(Study material Opens)
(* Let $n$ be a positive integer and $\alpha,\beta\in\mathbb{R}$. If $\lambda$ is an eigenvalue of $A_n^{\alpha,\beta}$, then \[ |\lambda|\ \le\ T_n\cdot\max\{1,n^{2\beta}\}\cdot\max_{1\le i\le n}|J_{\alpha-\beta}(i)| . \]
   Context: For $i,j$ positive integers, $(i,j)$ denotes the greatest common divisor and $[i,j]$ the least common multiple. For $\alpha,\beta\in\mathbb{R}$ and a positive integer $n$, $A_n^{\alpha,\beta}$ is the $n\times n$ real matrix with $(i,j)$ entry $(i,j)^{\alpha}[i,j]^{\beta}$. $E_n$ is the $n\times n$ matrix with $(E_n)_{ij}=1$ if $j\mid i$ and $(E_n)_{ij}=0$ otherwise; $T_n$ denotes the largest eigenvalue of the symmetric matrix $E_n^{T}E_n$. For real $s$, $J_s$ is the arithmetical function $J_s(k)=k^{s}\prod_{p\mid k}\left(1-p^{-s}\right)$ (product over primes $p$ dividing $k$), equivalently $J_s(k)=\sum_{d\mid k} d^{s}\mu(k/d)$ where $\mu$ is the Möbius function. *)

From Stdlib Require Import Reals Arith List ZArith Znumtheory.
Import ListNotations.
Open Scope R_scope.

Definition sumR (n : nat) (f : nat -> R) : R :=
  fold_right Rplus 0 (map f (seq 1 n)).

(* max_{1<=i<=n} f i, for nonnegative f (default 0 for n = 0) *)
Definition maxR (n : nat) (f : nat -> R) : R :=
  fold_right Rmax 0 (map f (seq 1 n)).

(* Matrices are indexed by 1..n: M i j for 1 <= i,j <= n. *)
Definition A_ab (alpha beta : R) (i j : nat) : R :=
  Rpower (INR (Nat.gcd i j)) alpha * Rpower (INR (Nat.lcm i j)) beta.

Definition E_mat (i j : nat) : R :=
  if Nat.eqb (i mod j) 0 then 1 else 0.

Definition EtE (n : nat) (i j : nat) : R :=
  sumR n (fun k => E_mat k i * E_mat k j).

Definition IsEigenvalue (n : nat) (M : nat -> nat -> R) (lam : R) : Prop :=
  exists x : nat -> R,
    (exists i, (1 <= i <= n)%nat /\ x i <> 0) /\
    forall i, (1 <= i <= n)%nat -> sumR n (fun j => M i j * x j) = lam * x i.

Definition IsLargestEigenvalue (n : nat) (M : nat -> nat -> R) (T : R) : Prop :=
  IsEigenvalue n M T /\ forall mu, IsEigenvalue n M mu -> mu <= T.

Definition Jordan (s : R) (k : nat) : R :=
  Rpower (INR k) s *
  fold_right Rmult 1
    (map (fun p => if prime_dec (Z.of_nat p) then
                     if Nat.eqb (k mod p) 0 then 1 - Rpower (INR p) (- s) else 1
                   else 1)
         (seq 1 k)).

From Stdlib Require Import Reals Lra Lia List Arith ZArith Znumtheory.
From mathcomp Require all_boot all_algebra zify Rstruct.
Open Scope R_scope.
(Study material Closes)
(Study material Opens)
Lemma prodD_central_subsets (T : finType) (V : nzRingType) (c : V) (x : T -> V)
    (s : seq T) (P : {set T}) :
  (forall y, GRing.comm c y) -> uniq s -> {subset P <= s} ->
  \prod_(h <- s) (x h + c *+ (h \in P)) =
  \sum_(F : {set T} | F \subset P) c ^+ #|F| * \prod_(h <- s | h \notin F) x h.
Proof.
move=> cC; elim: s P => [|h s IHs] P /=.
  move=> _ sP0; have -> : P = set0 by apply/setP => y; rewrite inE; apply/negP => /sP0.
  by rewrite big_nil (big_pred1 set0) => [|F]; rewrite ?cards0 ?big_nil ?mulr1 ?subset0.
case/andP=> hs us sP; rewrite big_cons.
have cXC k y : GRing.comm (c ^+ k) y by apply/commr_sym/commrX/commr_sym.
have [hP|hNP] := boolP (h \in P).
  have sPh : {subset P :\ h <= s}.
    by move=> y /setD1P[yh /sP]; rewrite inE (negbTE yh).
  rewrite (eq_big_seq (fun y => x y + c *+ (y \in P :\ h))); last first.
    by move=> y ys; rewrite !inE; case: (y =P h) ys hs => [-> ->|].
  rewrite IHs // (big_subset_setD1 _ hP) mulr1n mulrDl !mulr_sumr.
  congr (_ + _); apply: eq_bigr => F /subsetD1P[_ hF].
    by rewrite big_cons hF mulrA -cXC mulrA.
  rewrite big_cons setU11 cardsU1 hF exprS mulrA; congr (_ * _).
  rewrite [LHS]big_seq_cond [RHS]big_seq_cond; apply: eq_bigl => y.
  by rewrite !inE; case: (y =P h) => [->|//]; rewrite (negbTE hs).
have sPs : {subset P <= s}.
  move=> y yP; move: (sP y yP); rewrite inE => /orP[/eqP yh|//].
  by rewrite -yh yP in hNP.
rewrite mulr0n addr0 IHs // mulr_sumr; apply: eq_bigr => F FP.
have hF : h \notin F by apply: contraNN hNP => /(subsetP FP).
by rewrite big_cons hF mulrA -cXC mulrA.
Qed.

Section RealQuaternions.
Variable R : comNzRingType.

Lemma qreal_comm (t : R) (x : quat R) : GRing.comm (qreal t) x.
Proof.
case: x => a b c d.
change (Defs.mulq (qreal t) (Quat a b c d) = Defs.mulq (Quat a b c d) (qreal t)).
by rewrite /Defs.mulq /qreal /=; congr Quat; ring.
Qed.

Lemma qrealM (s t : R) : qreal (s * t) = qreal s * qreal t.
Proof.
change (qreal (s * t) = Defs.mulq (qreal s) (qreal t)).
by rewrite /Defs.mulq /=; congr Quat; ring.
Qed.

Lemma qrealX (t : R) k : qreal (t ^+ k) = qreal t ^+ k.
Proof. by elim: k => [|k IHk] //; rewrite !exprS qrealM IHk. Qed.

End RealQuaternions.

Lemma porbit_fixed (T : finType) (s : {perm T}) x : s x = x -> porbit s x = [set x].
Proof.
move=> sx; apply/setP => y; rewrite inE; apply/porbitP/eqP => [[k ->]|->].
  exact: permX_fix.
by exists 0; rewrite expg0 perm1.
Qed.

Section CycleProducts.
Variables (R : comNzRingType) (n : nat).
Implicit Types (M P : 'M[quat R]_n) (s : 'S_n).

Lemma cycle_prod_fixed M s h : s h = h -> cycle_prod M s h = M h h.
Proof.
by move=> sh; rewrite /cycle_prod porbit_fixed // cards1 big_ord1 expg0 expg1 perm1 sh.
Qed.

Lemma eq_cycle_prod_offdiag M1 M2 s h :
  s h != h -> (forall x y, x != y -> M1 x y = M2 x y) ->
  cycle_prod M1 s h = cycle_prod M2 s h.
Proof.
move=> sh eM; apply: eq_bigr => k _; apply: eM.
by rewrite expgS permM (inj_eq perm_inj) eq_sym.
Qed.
(Study material Closes)
What is being asked: Go through the data line by line and say how many lines contain "Lemma". Give the number alone.

Solution below: 7